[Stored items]
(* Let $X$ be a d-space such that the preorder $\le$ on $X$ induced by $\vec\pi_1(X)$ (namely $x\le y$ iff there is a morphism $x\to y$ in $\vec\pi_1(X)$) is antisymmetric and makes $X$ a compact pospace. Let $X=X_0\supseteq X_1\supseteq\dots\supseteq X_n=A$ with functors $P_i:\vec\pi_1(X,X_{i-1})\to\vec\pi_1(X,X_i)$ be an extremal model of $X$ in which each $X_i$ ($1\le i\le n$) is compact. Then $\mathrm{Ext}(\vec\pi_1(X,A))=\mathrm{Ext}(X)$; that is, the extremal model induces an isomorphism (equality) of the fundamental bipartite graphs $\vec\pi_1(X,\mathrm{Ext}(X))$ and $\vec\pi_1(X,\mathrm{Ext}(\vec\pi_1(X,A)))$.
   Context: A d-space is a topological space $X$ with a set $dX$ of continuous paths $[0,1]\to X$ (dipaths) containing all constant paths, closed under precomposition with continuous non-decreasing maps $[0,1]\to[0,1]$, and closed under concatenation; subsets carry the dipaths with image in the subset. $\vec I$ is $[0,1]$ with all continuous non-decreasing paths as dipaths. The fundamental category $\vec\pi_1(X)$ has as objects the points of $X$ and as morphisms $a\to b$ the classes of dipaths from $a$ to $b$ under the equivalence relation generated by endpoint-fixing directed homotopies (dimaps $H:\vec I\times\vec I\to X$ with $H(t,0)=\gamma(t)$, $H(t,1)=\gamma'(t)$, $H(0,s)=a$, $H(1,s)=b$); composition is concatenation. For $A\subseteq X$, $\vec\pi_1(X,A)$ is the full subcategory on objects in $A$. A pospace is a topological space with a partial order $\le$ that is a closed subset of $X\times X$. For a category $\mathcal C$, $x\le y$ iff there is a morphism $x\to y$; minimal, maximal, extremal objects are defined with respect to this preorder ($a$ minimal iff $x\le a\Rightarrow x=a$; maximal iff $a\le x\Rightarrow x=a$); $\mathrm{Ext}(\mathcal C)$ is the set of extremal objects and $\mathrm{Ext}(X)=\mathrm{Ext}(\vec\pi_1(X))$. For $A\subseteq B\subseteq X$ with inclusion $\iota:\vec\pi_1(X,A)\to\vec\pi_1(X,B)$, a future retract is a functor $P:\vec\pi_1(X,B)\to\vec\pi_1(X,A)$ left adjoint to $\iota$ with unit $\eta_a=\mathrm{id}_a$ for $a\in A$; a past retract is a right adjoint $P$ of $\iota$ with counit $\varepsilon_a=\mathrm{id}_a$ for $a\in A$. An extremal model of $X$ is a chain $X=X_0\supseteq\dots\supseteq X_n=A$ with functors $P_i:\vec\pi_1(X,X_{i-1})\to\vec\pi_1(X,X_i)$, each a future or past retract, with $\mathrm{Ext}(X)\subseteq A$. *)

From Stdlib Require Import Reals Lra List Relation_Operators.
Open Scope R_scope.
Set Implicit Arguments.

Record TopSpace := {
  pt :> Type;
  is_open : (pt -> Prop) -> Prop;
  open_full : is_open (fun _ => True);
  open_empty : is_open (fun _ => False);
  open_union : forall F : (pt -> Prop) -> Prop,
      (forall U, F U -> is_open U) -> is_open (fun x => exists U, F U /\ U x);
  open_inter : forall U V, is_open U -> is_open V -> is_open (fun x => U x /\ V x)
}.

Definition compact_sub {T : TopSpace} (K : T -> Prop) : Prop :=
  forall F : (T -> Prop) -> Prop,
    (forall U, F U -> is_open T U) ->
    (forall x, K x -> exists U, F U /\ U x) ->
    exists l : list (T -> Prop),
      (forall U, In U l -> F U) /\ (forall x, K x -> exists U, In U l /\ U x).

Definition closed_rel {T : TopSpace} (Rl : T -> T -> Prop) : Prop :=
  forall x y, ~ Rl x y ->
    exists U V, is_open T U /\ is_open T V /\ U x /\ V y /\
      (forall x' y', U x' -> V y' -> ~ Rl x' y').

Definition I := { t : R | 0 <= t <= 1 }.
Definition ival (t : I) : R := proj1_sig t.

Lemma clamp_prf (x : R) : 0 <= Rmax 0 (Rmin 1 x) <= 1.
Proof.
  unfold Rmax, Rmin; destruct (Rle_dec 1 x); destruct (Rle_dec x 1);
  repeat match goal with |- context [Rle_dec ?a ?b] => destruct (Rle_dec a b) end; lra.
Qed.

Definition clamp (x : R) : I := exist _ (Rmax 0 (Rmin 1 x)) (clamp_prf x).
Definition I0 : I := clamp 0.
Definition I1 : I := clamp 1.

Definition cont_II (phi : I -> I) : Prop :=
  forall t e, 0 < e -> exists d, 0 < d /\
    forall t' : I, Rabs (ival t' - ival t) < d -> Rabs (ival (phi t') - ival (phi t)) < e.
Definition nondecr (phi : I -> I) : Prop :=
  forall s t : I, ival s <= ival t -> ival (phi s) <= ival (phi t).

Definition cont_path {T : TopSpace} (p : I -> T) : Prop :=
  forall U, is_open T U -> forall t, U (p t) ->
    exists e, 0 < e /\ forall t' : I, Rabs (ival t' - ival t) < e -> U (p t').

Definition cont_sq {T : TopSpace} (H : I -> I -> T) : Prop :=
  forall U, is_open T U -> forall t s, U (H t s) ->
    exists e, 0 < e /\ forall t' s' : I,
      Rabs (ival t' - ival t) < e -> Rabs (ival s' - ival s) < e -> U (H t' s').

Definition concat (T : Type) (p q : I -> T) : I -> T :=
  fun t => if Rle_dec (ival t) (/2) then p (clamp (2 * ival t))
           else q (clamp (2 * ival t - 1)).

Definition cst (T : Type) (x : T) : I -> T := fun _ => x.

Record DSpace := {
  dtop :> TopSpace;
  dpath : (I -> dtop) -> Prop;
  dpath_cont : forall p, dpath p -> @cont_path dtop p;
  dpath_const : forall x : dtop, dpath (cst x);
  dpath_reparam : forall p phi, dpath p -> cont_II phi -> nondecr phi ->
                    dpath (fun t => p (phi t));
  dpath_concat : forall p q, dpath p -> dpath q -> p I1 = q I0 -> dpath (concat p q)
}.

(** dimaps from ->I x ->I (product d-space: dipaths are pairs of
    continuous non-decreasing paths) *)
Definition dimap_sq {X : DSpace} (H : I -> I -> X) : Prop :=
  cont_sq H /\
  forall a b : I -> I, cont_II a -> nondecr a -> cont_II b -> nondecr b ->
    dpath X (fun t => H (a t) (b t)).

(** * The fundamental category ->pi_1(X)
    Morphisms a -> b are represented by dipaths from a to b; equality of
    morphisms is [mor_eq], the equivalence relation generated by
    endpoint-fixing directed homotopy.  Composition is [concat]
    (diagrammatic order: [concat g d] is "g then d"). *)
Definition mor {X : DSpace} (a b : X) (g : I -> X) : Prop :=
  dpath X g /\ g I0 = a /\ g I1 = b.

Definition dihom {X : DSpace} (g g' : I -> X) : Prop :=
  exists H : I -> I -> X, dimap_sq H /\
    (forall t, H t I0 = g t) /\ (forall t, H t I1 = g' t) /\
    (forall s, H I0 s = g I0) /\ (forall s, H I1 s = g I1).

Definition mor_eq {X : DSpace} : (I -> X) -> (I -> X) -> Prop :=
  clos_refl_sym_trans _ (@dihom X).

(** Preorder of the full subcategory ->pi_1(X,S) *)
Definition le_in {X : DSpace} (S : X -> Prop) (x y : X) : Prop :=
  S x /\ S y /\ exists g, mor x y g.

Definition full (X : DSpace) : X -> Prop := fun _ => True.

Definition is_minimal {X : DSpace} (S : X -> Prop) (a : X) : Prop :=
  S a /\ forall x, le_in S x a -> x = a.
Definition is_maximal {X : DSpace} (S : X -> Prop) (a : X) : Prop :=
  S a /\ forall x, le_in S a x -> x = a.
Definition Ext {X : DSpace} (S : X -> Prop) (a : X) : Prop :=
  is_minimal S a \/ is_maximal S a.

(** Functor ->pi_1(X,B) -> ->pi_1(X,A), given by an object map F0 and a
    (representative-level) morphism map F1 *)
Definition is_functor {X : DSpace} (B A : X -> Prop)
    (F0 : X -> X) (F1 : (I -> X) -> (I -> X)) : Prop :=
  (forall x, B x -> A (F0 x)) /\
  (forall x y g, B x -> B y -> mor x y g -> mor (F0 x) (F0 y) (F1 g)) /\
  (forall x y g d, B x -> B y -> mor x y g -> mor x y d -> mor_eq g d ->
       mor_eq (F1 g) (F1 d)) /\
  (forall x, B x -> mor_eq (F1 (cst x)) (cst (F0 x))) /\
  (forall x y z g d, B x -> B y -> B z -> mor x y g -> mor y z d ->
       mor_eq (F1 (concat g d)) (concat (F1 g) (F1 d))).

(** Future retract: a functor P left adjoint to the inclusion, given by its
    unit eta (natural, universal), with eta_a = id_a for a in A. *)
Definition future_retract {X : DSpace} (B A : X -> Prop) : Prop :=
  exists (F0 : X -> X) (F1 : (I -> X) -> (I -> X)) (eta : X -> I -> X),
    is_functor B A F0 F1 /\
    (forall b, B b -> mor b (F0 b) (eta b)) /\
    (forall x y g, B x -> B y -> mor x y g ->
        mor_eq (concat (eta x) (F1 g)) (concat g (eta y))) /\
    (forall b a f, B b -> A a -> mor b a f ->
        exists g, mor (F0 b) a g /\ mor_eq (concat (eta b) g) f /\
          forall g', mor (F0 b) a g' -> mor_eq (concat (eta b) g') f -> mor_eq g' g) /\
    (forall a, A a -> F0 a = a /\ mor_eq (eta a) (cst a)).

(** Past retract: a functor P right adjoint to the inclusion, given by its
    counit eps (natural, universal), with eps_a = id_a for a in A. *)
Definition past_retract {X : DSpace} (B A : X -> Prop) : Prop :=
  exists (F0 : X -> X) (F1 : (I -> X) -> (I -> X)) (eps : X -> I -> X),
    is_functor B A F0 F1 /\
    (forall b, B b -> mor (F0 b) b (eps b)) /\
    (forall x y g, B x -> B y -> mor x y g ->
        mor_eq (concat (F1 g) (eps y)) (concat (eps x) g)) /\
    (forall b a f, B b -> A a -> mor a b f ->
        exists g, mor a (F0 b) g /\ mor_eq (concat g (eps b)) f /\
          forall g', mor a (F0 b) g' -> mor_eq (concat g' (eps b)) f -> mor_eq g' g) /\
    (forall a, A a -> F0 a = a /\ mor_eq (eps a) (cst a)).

WORK REQUEST: Read the entries above, then pull out the lines that include "Rmin".

SOLUTION TO THE PROBLEM:
Lemma clamp_prf (x : R) : 0 <= Rmax 0 (Rmin 1 x) <= 1.
  unfold Rmax, Rmin; destruct (Rle_dec 1 x); destruct (Rle_dec x 1);
Definition clamp (x : R) : I := exist _ (Rmax 0 (Rmin 1 x)) (clamp_prf x).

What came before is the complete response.